Paul Steiner, le narrateur, ressemble à une bourrasque de vent qui déracine tout sur son passage. Quand il quitte son bord de mer, du côté de Saint-Malo, pour la ville de banlieue au sud de Paris où résident ses parents, le bulletin météo tourne à l'avis de tempête.
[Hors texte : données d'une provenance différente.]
(* There is an absolute constant $C>0$ such that for every integer $k\ge2$ and every reduced integer of the form $n=2^{a_1}3^{a_2}\cdots p_k^{a_k}$ (with $a_i\ge0$), $$\sum_{1\le i\le k,\ a_i\ge 3}(a_i-2)\le C\,\frac{k^{2/3}}{(\log k)^{1/3}}.$$
   Context: Let $p_i$ denote the $i$-th prime ($p_1=2$). A positive integer $\prod_i p_i^{a_i}$ (with $a_i=0$ for all sufficiently large $i$) is called reduced if $\left\lfloor\frac{a_i+1}{a_j+2}\right\rfloor<\frac{\log p_j}{\log p_i}$ for all $i,j\ne 1$, and $2^{a_1}<8p_j^2$ for every $j$ with $a_j=0$. *)

From mathcomp Require Import all_boot.
From Stdlib Require Import Reals.

Set Implicit Arguments.
Unset Strict Implicit.
Unset Printing Implicit Defensive.

Lemma exists_prime_above (m : nat) : exists p, (m < p) && prime p.
Proof. have [p Hmp Hp] := prime_above m. by exists p; rewrite Hmp Hp. Qed.

Definition next_prime (m : nat) : nat := ex_minn (exists_prime_above m).

(* pth i = the i-th prime, with pth 1 = 2 (pth 0 = 1 is an unused dummy). *)
Fixpoint pth (i : nat) : nat :=
  match i with
  | 0 => 1
  | i'.+1 => next_prime (pth i')
  end.

(* The integer prod_i p_i^(a i) (a i = 0 for large i) is "reduced", stated on
   its exponent sequence a (indices i >= 1; a 0 is ignored). *)
Definition reduced (a : nat -> nat) : Prop :=
  (forall i j : nat, 2 <= i -> 2 <= j ->
     (INR ((a i).+1 %/ (a j).+2)%N < ln (INR (pth j)) / ln (INR (pth i)))%R)
  /\ (forall j : nat, 1 <= j -> a j = 0 -> 2 ^ (a 1) < 8 * (pth j) ^ 2).

From mathcomp Require Import all_boot zify.
From Stdlib Require Import Reals Lra.

Set Implicit Arguments.
Unset Strict Implicit.
Unset Printing Implicit Defensive.

(* Since a_(k+1) = 0, reducedness tested against P = p_(k+1) gives
   p_i ^ ((a_i + 1) / 2) < P for 2 <= i and 2 ^ a_1 < 8 P ^ 2, so every exponent
   is O(log P); moreover an index i >= 2 with a_i >= 3 has i ^ 2 < p_i ^ 2 < P.
   Hence at most sqrt P indices contribute and the sum is O(sqrt P * log P).
   A Chebyshev bound finishes: every prime power dividing C(2n, n) is at most 2n,
   so 2 ^ n <= C(2n, n) <= P ^ k whenever 2n < P, which gives P = O(k log P),
   and sqrt P * log P = O(k^(1/2) (log k)^(3/2)) = O(k^(2/3) / (log k)^(1/3)). *)

(* Importing Reals rebinds [^] on nat to [Nat.pow]; restore [expn]. *)
Local Notation "m ^ n" := (expn m n) : nat_scope.

Lemma next_primeP m : [/\ m < next_prime m, prime (next_prime m)
  & forall q, m < q -> prime q -> next_prime m <= q].
Proof.
rewrite /next_prime; case: ex_minnP => p /andP[mp pp] minp; split=> // q mq pq.
by apply: minp; rewrite mq pq.
Qed.

Lemma pth_prime i : 0 < i -> prime (pth i).
Proof. by case: i => // i _; case: (next_primeP (pth i)). Qed.

Lemma pth_ltnS i : pth i < pth i.+1.
Proof. by case: (next_primeP (pth i)). Qed.

Lemma ltn_pth i : i < pth i.
Proof. by elim: i => // i IH; apply: leq_trans (pth_ltnS i); rewrite ltnS. Qed.

Lemma prime_lt_pth k q : prime q -> q < pth k.+1 ->
  exists2 i, 0 < i <= k & q = pth i.
Proof.
move=> pq; elim: k => [|k IH] qk.
  by case: (next_primeP 1) => _ _ /(_ q (prime_gt1 pq) pq); rewrite leqNgt qk.
case: (ltngtP q (pth k.+1)) => [/IH [i /andP[i0 ik] ->] | gt | ->].
- by exists i; rewrite ?i0 ?(leqW ik).
- by case: (next_primeP (pth k.+1)) => _ _ /(_ q gt pq); rewrite leqNgt qk.
- by exists k.+1; rewrite ?leqnn.
Qed.

Lemma leq_sum_nat_bounded m n N c (P : pred nat) (F : nat -> nat) :
  m <= N -> (forall i, m <= i -> P i -> i < N /\ F i <= c) ->
  \sum_(m <= i < n | P i) F i <= (N - m) * c.
Proof.
move=> mN bounded.
have short n' : n' <= N -> \sum_(m <= i < n' | P i) F i <= (N - m) * c.
  move=> n'N; apply: (@leq_trans (\sum_(m <= i < n') c)).
    rewrite big_mkcond big_nat_cond [X in _ <= X]big_nat_cond.
    apply: leq_sum => i /andP[/andP[mi _] _]; case: ifP => // Pi.
    by case: (bounded i mi Pi).
  by rewrite sum_nat_const_nat leq_mul2r leq_sub2r ?orbT.
case: (leqP n N) => [|Nn]; first exact: short.
rewrite (big_cat_nat mN (ltnW Nn)) /= [X in _ + X]big1_seq ?addn0.
  exact: short.
move=> i /andP[Pi]; rewrite mem_index_iota => /andP[Ni _].
by have [] := bounded i (leq_trans mN Ni) Pi; rewrite ltnNge Ni.
Qed.

Lemma expn2_le_central_binomial n : 2 ^ n <= 'C(n.*2, n).
Proof.
elim: n => // n IH.
have sym : 'C(n.*2.+1, n.+1) = 'C(n.*2.+1, n).
  have h : n.*2.+1 - n = n.+1 by rewrite -addnn; lia.
  by rewrite -h bin_sub // -addnn; lia.
have step : 2 ^ n <= 'C(n.*2.+1, n) := leq_trans IH (leq_bin2l _ (leqnSn _)).
by rewrite doubleS binS sym expnS mul2n -addnn leq_add.
Qed.

Lemma logn_fact_wide p n M : prime p -> n <= M ->
  logn p n`! = \sum_(1 <= j < M.+1) n %/ p ^ j.
Proof.
move=> pp nM; rewrite logn_fact // [RHS](@big_cat_nat _ _ _ n.+1) //=.
rewrite [X in _ = _ + X]big1_seq ?addn0 // => j /andP[_].
rewrite mem_index_iota => /andP[nj _].
by rewrite divn_small // (ltn_trans nj) // ltn_expl // prime_gt1.
Qed.

Lemma expn_logn_central_binomial p n : prime p -> 0 < n ->
  p ^ logn p 'C(n.*2, n) <= n.*2.
Proof.
move=> pp n0; have p1 := prime_gt1 pp.
have n20 : 0 < n.*2 by rewrite double_gt0.
set T := trunc_log p n.*2.
apply: leq_trans (trunc_logP p1 n20); rewrite leq_exp2l //.
have fact_split : logn p n.*2`! = logn p 'C(n.*2, n) + (logn p n`! + logn p n`!).
  have := bin_fact (leq_addr n n); rewrite -addnn addnK => <-.
  by rewrite !lognM ?muln_gt0 ?fact_gt0 ?bin_gt0 ?leq_addr.
have term j : n.*2 %/ p ^ j <= (n %/ p ^ j + n %/ p ^ j) + (j <= T).
  case: (leqP j T) => jT; first by rewrite -addnn leq_divDl.
  rewrite divn_small //; apply: leq_trans (trunc_log_ltn _ p1) _.
  by rewrite leq_exp2l.
have count : \sum_(1 <= j < n.*2.+1) (j <= T : nat) <= T.
  have := @leq_sum_nat_bounded 1 n.*2.+1 T.+1 1 (fun j => j <= T) (fun=> 1).
  by rewrite -big_mkcond subn1 muln1; apply=> //; lia.
have : \sum_(1 <= j < n.*2.+1) n.*2 %/ p ^ j <=
       \sum_(1 <= j < n.*2.+1) ((n %/ p ^ j + n %/ p ^ j) + (j <= T)).
  by apply: leq_sum => j _; apply: term.
rewrite !big_split /= -logn_fact // -logn_fact_wide //; lia.
Qed.

Lemma leq_expn_size_primes m B : 0 < m ->
  (forall p, p \in primes m -> p ^ logn p m <= B) -> m <= B ^ size (primes m).
Proof.
move=> m0 bound; rewrite {1}(prod_prime_decomp m0) prime_decompE big_map /=.
rewrite big_seq; apply: (@leq_trans (\prod_(p <- primes m | p \in primes m) B)).
  exact: leq_prod.
by rewrite -big_seq big_const_seq count_predT iter_muln_1.
Qed.

Lemma expn2_le_pth_expn k n : n.*2 < pth k.+1 -> 2 ^ n <= pth k.+1 ^ k.
Proof.
move=> n2P; have P0 : 0 < pth k.+1 := leq_ltn_trans (leq0n _) n2P.
have [->|n0] := posnP n; first by rewrite expn_gt0 P0.
set C := 'C(n.*2, n).
have C0 : 0 < C by rewrite bin_gt0 -addnn leq_addr.
have prime_pow_le p : p \in primes C -> p ^ logn p C <= n.*2.
  by rewrite mem_primes => /and3P[pp _ _]; apply: expn_logn_central_binomial.
have size_le : size (primes C) <= k.
  have -> : k = size [seq pth i | i <- iota 1 k] by rewrite size_map size_iota.
  apply: uniq_leq_size (primes_uniq C) _ => p pC.
  have pp : prime p by move: pC; rewrite mem_primes => /andP[].
  have [|i /andP[i0 ik] ->] := @prime_lt_pth k p pp.
    apply: leq_ltn_trans n2P; apply: leq_trans (prime_pow_le p pC).
    by rewrite -{1}(expn1 p) leq_exp2l ?prime_gt1 // logn_gt0.
  by rewrite map_f // mem_iota; lia.
apply: leq_trans (expn2_le_central_binomial n) _.
apply: leq_trans (@leq_expn_size_primes C (pth k.+1) C0 _) _.
  by move=> p /prime_pow_le /leq_trans; apply; apply: ltnW.
by rewrite leq_pexp2l.
Qed.

Section RealBounds.
Local Open Scope R_scope.

Lemma ln_le x y : 0 < x -> x <= y -> ln x <= ln y.
Proof. by move=> x0 [xy|->]; [apply/Rlt_le/ln_increasing | apply: Rle_refl]. Qed.

Lemma exp_le x y : x <= y -> exp x <= exp y.
Proof. by move=> [xy|->]; [apply/Rlt_le/exp_increasing | apply: Rle_refl]. Qed.

Lemma ln_le_affine c x : 0 < c -> 0 < x -> ln x <= ln c + x / c - 1.
Proof.
move=> c0 x0; have xc0 : 0 < x / c by apply: Rdiv_lt_0_compat.
have -> : x = c * (x / c) by field; lra.
rewrite ln_mult // (_ : c * (x / c) / c = x / c); last by field; lra.
have := exp_ineq1_le (ln (x / c)); rewrite exp_ln //; lra.
Qed.

Lemma one_le_ln x : 3 <= x -> 1 <= ln x.
Proof.
move=> x3; rewrite -[1]ln_exp; apply: ln_le; first exact: exp_pos.
have := exp_le_3; lra.
Qed.

(* With u = ln x and t = ln k, the hypothesis gives u <= ln 5 + t + ln u; bounding
   ln u and ln t by [ln_le_affine] with c = 20 makes everything linear, and the
   coefficient of t obtained on the left, 11/19, is below 2/3 - 1/60. *)
Lemma sqrt_mul_ln_le_growth : exists C, 0 < C /\ forall k x,
  2 <= k -> 3 <= x -> x <= 5 * k * ln x ->
  sqrt x * ln x <= C * (Rpower k (2/3) / Rpower (ln k) (1/3)).
Proof.
exists (exp (4/3 * (ln 20 - 1) + 11/19 * (ln 5 + ln 20 - 1))); split=> [|k x k2 x3 xk].
  exact: exp_pos.
set u := ln x; set t := ln k.
have u1 : 1 <= u := one_le_ln x3.
have t0 : 0 < t by rewrite /t -ln_1; apply: ln_increasing; lra.
have ut : u <= ln 5 + t + ln u.
  have ln5ku : ln (5 * k * u) = ln 5 + t + ln u by rewrite /t !ln_mult; lra.
  by rewrite -ln5ku; apply: ln_le; rewrite /u; lra.
have lnu := @ln_le_affine 20 u ltac:(lra) ltac:(lra).
have lnt := @ln_le_affine 20 t ltac:(lra) t0.
have lhs : sqrt x * u = exp (/ 2 * u + ln u).
  by rewrite exp_plus exp_ln -?Rpower_sqrt //; lra.
have rhs : Rpower k (2/3) / Rpower t (1/3) = exp (2/3 * t - 1/3 * ln t).
  by rewrite /Rpower /Rminus exp_plus exp_Ropp.
by rewrite lhs rhs -exp_plus; apply: exp_le; lra.
Qed.

End RealBounds.

Lemma natpowE m n : Nat.pow m n = m ^ n.
Proof. by elim: n => // n IH; rewrite /= IH expnS multE. Qed.

Lemma INR_expn m n : INR (m ^ n) = (INR m ^ n)%R.
Proof. by rewrite -natpowE pow_INR. Qed.

Lemma INR_leq m n : m <= n -> (INR m <= INR n)%R.
Proof. by move/leP; apply: le_INR. Qed.

Lemma ln_le_of_expn_le b m c n : 0 < b -> 0 < c -> b ^ m <= c ^ n ->
  (INR m * ln (INR b) <= INR n * ln (INR c))%R.
Proof.
move=> /ltP/lt_0_INR b0 /ltP/lt_0_INR c0 /INR_leq; rewrite !INR_expn => bc.
by rewrite -!ln_pow //; apply: ln_le bc; apply: pow_lt.
Qed.

Lemma expn_lt_of_ln p P m : 1 < p -> 0 < P ->
  (INR m < ln (INR P) / ln (INR p))%R -> p ^ m < P.
Proof.
move=> /ltP/lt_1_INR p1 /ltP/lt_0_INR P0 mP.
have lnp : (0 < ln (INR p))%R by rewrite -ln_1; apply: ln_increasing; lra.
have : (ln (INR (p ^ m)) < ln (INR P))%R.
  rewrite INR_expn ln_pow; last lra.
  have -> : ln (INR P) = (ln (INR P) / ln (INR p) * ln (INR p))%R by field; lra.
  exact: Rmult_lt_compat_r.
rewrite ltnNge; apply: contraPN => /INR_leq Pp.
by apply: Rle_not_lt; apply: ln_le.
Qed.

Section ReducedExponents.
Variables (a : nat -> nat) (j : nat).
Hypotheses (red_a : reduced a) (j2 : 2 <= j) (aj0 : a j = 0).

Let pj2 : 2 < pth j := leq_ltn_trans j2 (ltn_pth j).

Lemma reduced_pth_expn_lt i : 2 <= i -> pth i ^ ((a i).+1 %/ 2) < pth j.
Proof.
move=> i2; have := red_a.1 i j i2 j2; rewrite aj0.
apply: expn_lt_of_ln; last exact: ltnW (ltnW pj2).
by apply: prime_gt1; apply: pth_prime; apply: ltnW.
Qed.

Lemma reduced_exponent_le i : 1 <= i -> 3 <= a i ->
  a i <= (trunc_log 2 (pth j)).*2 + 4.
Proof.
set L := trunc_log 2 (pth j).
have pjL : pth j < 2 ^ L.+1 := trunc_log_ltn _ (isT : 1 < 2).
case: (ltngtP i 1) => // [i2 _ | -> _] ai3.
- set m := (a i).+1 %/ 2.
  have p2 : 2 <= pth i by apply: prime_gt1; apply: pth_prime; apply: ltnW.
  have : 2 ^ m < 2 ^ L.+1.
    apply: leq_ltn_trans _ (ltn_trans (reduced_pth_expn_lt i2) pjL).
    by rewrite leq_exp2r // /m; lia.
  by rewrite ltn_exp2l // /m; lia.
- have := red_a.2 j (ltnW j2) aj0; rewrite !natpowE => a1.
  have : 8 * pth j ^ 2 < 2 ^ 3 * (2 ^ L.+1) ^ 2 by rewrite ltn_pmul2l // ltn_sqr.
  rewrite -expnM -expnD => /(ltn_trans a1).
  by rewrite ltn_exp2l //; lia.
Qed.

Lemma reduced_index_sq_lt i : 1 <= i -> 3 <= a i -> i * i < pth j.
Proof.
case: (ltngtP i 1) => // [i2 _ | -> _] ai3; last exact: ltnW pj2.
apply: leq_ltn_trans _ (reduced_pth_expn_lt i2).
have m2 : 2 <= (a i).+1 %/ 2 by lia.
apply: leq_trans (leq_pexp2l (prime_gt0 (pth_prime (ltnW i2))) m2).
by rewrite expnS expn1 leq_mul // ltnW // ltn_pth.
Qed.

End ReducedExponents.

Lemma INR_le_sqrt_mul_ln (s N L P : nat) : 3 <= P -> s <= N * (L.*2 + 2) ->
  N * N <= 4 * P -> 2 ^ L <= P ->
  (INR s <= 12 * sqrt (INR P) * ln (INR P))%R.
Proof.
move=> P3 sN NP LP.
have P3R : (3 <= INR P)%R by have := INR_leq P3; rewrite /=; lra.
have u1 := one_le_ln P3R.
have L2 : (INR L <= 2 * ln (INR P))%R.
  have LP1 : 2 ^ L <= P ^ 1 by rewrite expn1.
  have := ln_le_of_expn_le (isT : 0 < 2) (ltnW (ltnW P3)) LP1.
  rewrite [INR 2]INR_IZR_INZ /=.
  by have := ln_lt_2; have := pos_INR L; move=> *; nra.
have N2 : (INR N <= 2 * sqrt (INR P))%R.
  have := INR_leq NP; rewrite mulnE !mult_INR /= => NPR.
  have := sqrt_sqrt (INR P) ltac:(lra); have := sqrt_pos (INR P).
  have := pos_INR N; move=> *; nra.
have sR : (INR s <= INR N * (2 * INR L + 2))%R.
  by have := INR_leq sN; rewrite mulnE -addnn addnE !mult_INR !plus_INR /=; lra.
have := pos_INR L; have := sqrt_pos (INR P); move=> *.
apply: (Rle_trans _ _ _ sR).
apply: (Rle_trans _ (2 * sqrt (INR P) * (6 * ln (INR P)))); last lra.
apply: Rmult_le_compat; try lra; exact: pos_INR.
Qed.

Lemma pth_le_k_ln k : 2 <= k ->
  (INR (pth k.+1) <= 5 * INR k * ln (INR (pth k.+1)))%R.
Proof.
move=> k2; set P := pth k.+1; set n := P.-1./2.
have kP : k.+1 < P := ltn_pth k.+1.
have n2P : n.*2 < P by rewrite /n; lia.
have P3R : (3 <= INR P)%R.
  by have := INR_leq (leq_ltn_trans k2 (ltnW kP)); rewrite /=; lra.
have k2R : (2 <= INR k)%R by have := INR_leq k2; rewrite /=; lra.
have u1 := one_le_ln P3R.
have chebyshev : (INR n * ln 2 <= INR k * ln (INR P))%R.
  have P0 : 0 < P := ltn_trans (ltn0Sn k) kP.
  have := ln_le_of_expn_le (isT : 0 < 2) P0 (expn2_le_pth_expn n2P).
  by rewrite [INR 2]INR_IZR_INZ.
have Pn : (INR P <= 2 * INR n + 2)%R.
  have : P <= n + n + 2 by rewrite /n; lia.
  by move/INR_leq; rewrite !addnE !plus_INR /=; lra.
have := ln_lt_2; have := pos_INR n; move=> *; nra.
Qed.

Lemma excess_sum_le_sqrt_mul_ln k a : 1 <= k -> reduced a -> a k.+1 = 0 ->
  Rle (INR (\sum_(1 <= i < k.+1 | 3 <= a i) (a i - 2)))
      (12 * sqrt (INR (pth k.+1)) * ln (INR (pth k.+1)))%R.
Proof.
move=> k1 red_a a0; set P := pth k.+1.
have j2 : 2 <= k.+1 := k1.
have P3 : 3 <= P := leq_ltn_trans j2 (ltn_pth k.+1).
set L := trunc_log 2 P; set N := 2 ^ (L./2).+1.
have LP : 2 ^ L <= P := trunc_logP (isT : 1 < 2) (ltnW (ltnW P3)).
have PL : P < 2 ^ L.+1 := trunc_log_ltn _ (isT : 1 < 2).
have NN : N * N = 2 ^ ((L./2).+1 + (L./2).+1) by rewrite expnD.
have PN : P < N * N by rewrite NN; apply: leq_trans PL _; rewrite leq_exp2l //; lia.
have NP : N * N <= 4 * P.
  rewrite NN; apply: (@leq_trans (2 ^ L.+2)); first by rewrite leq_exp2l //; lia.
  by rewrite !expnS mulnA leq_pmul2l.
apply: INR_le_sqrt_mul_ln P3 _ NP LP.
apply: (@leq_trans ((N - 1) * (L.*2 + 2))); last by rewrite leq_mul2r leq_subr orbT.
apply: leq_sum_nat_bounded => [|i i1 ai3]; first by rewrite expn_gt0.
split.
- by have := reduced_index_sq_lt red_a j2 a0 i1 ai3; nia.
- by have := reduced_exponent_le red_a j2 a0 i1 ai3; rewrite -/P -/L; lia.
Qed.

Theorem lemma3p14 :
  exists C : R, Rlt 0 C /\
    forall (k : nat) (a : nat -> nat),
      2 <= k ->
      (forall i, k < i -> a i = 0) ->
      reduced a ->
      Rle (INR (\sum_(1 <= i < k.+1 | 3 <= a i) (a i - 2)))
          (Rmult C (Rdiv (Rpower (INR k) (2/3)%R) (Rpower (ln (INR k)) (1/3)%R))).
Proof.
have [C [C0 growth]] := sqrt_mul_ln_le_growth.
exists (12 * C)%R; split=> [|k a k2 a0 red_a]; first lra.
have P3 : (3 <= INR (pth k.+1))%R.
  by have := INR_leq (leq_ltn_trans k2 (ltnW (ltn_pth k.+1))); rewrite /=; lra.
apply: (Rle_trans _ _ _ (excess_sum_le_sqrt_mul_ln (ltnW k2) red_a (a0 _ (ltnSn k)))).
rewrite Rmult_assoc [(12 * C * _)%R]Rmult_assoc; apply: Rmult_le_compat_l; first lra.
apply: growth => //; last exact: pth_le_k_ln.
by have := INR_leq k2; rewrite /=; lra.
Qed.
Cent kilos de masse brute qui débarquent dans un pavillon tristounet, un poing qui part un peu facilement quand la colère monte et une amie de lycée qui dévisse complètement quand l'écrivain débarque dans sa tranquille résidence. le personnage d'
Olivier Adam est un écorché vif, même s'il réfute ce qualificatif. Paul va mal. Sa femme l'a quitté, il ne voit pas ses enfants assez souvent à son goût, sa mère est à l'hôpital à la suite d'une mauvaise chute et la communication avec son père et son frère est toujours aussi difficile. La maladie rôde, cette angoisse qui le fait se bourrer de médicaments et d'alcool, épuise son entourage et amène son cortège d'idées suicidaires. Pourquoi n'a-t-il aucun souvenir de son enfance avant la mort de sa grand-mère ? Pourquoi a-t-il voulu mourir à dix ans ? Pourquoi l'anorexie l'a-t-elle rongé pendant l'adolescence ? Pourquoi ne se sent-il appartenir à aucun lieu ? Pourquoi lui faut-il toujours fuir ? le retour à V. soulève encore une fois toutes ces questions.
Si Paul Steiner est en lisière de sa propre vie, il est aussi en lisière de sa classe sociale. L'écriture l'a mené loin de ses origines populaires, du travail vécu comme une aliénation. Écrivain qui passe à la télévision, qui vit de sa plume, il dérange dans sa famille en donnant à voir la réalité du quotidien de ses proches. Il s'épanche là où la retenue est de rigueur.
C'est encore un double déclassé géographique, qui a quitté la banlieue pour Paris, puis pour la Bretagne. Un lieu qu'il absorbe par tous les pores de sa peau, qui le tient debout sans pour autant lui procurer la paix. La maladie
le style d'
Olivier Adam est chargé d'embruns et traversé de coups de vent. C'est un récit qui se déverse dru dans les oreilles du lecteur. Car on croit écouter Paul, son lamento, ses longues vociférations contre la bêtise humaine, l'humiliation faite aux petits, mais aussi contre la froideur du père, l'absence de la mère qui se recroqueville lentement dans la maladie. On est parfois emporté par ce flux tour à tour violent, désespéré, mélancolique, forcément égocentrique. On serait tenté de tout pardonner à Paul, sa violence à fleur de peau, sa mesquinerie, sa mauvaise foi, ses coups tordus. L'absoudre au nom du mal qui le ronge, du secret qu'il découvre un jour dans les boîtes de photos rangées sous le lit de sa mère. Pourtant, il est agaçant, Paul, et on comprend que Sarah ait un jour jeté l'éponge devant ce maelström.
Il y a du talent chez
Olivier Adam. Il sait fouailler ses blessures comme personne pour en sortir un vrai roman. J'avoue avoir parfois trouvé pesante la description des vies ruinées de ses copains de jeunesse, non pas parce que je ne crois pas à la réalité de ces destins mais parce qu'elle prend la forme d'une démonstration au marteau-piqueur. La force de sa charge sociale s'en trouve diminuée. le troisième partie du livre s'ouvre sur l'évocation à la fois simple et délicate du chemin des Philosophes à Tokyo. Il y a chez
Olivier Adam de l'arc-en-ciel après la tempête.